[Dataset entries]
Lemma cayley_rep_le_one_hot (z0 z1 : S) : z0 != z1 ->
  cayley_rep_le (gone G :: A) s (fun n => n + h_fun L (fun w => dA A (phi w)) n).
Proof.
move=> z01; have size_code := size_one_hot (X := Sigma) z0 z1.
have code_inj := one_hot_inj (X := Sigma) z01.
pose E := block_code (one_hot (X := Sigma) z0 z1).
exists (image_lang E L), (transport E phi); split; first exact: automatic_rep_block.
move=> n; apply: h_fun_image_le => u; first by rewrite (size_block_code size_code) leq_pmull.
have sub_A : forall a, List.In a A -> List.In a (gone G :: A) by right.
move=> Lu; rewrite transportE; last exact: block_code_inj size_code code_inj.
apply: leq_trans (dist_eval_sym_le _ _ _ (generates_sub sub_A genA)) _ => //.
by rewrite leq_add2l; apply: dA_sub.
Qed.

End CayleyRepresentation.

Theorem mainTheorem9 (G : group) (A : seq G) (hA : generates A)
  (Sigma : finType) (L : seq Sigma -> Prop) (phi : seq Sigma -> G)
  (hL : regular L) (hphi : bij_on L phi)
  (hrec : forall a, List.In a A -> FA_recognizable (right_mult_rel L phi a))
  (Q : nat) (f : nat -> R) (hf : inF Q f)
  (hh : preceq (fun n => INR (h_fun L (fun w => dA A (phi w)) n)) f) :
  B_class G (fun n => Rplus (f n) (INR n)).
Proof.
have rep : automatic_rep A L phi by [].
have sub_A1 : forall a, List.In a A -> List.In a (gone G :: A) by right.
have [S [s [s_inj s_letter s_sym]]] := sym_alphabet_exists (gone G :: A).
exists (gone G :: A); split; first exact: generates_sub sub_A1 hA.
exists S, s; do 3!split => //.
suff [L' [psi [rep' h'_le]]] :
    cayley_rep_le (gone G :: A) s (fun n => n + h_fun L (fun w => dA A (phi w)) n).
  by exists L', psi; split => //; apply: preceq_add_id hf hh h'_le.
case: (classic (forall g : G, g = gone G)) => [trivG | /not_all_ex_not [g0 g0_1]].
  exact: cayley_rep_le_trivial.
have [a0 Aa0 a0_1] := generates_nontrivial hA g0_1.
have [[z0 ez0] _] := s_sym _ (or_introl erefl).
have [[z1 ez1] _] := s_sym _ (sub_A1 _ Aa0).
apply: (cayley_rep_le_one_hot hA rep s_letter (z0 := z0) (z1 := z1)).
by apply/eqP => ez; apply: a0_1; rewrite -ez1 -ez ez0.
Qed.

YOUR ASSIGNMENT: Give back, word for word, the lines from the one with "(Q : nat) (f : nat -> R) (hf : inF Q f)" through the last line of the entries, both included, and no other line.

REPLY TO THE EXERCISE:
  (Q : nat) (f : nat -> R) (hf : inF Q f)
  (hh : preceq (fun n => INR (h_fun L (fun w => dA A (phi w)) n)) f) :
  B_class G (fun n => Rplus (f n) (INR n)).
Proof.
have rep : automatic_rep A L phi by [].
have sub_A1 : forall a, List.In a A -> List.In a (gone G :: A) by right.
have [S [s [s_inj s_letter s_sym]]] := sym_alphabet_exists (gone G :: A).
exists (gone G :: A); split; first exact: generates_sub sub_A1 hA.
exists S, s; do 3!split => //.
suff [L' [psi [rep' h'_le]]] :
    cayley_rep_le (gone G :: A) s (fun n => n + h_fun L (fun w => dA A (phi w)) n).
  by exists L', psi; split => //; apply: preceq_add_id hf hh h'_le.
case: (classic (forall g : G, g = gone G)) => [trivG | /not_all_ex_not [g0 g0_1]].
  exact: cayley_rep_le_trivial.
have [a0 Aa0 a0_1] := generates_nontrivial hA g0_1.
have [[z0 ez0] _] := s_sym _ (or_introl erefl).
have [[z1 ez1] _] := s_sym _ (sub_A1 _ Aa0).
apply: (cayley_rep_le_one_hot hA rep s_letter (z0 := z0) (z1 := z1)).
by apply/eqP => ez; apply: a0_1; rewrite -ez1 -ez ez0.
Qed.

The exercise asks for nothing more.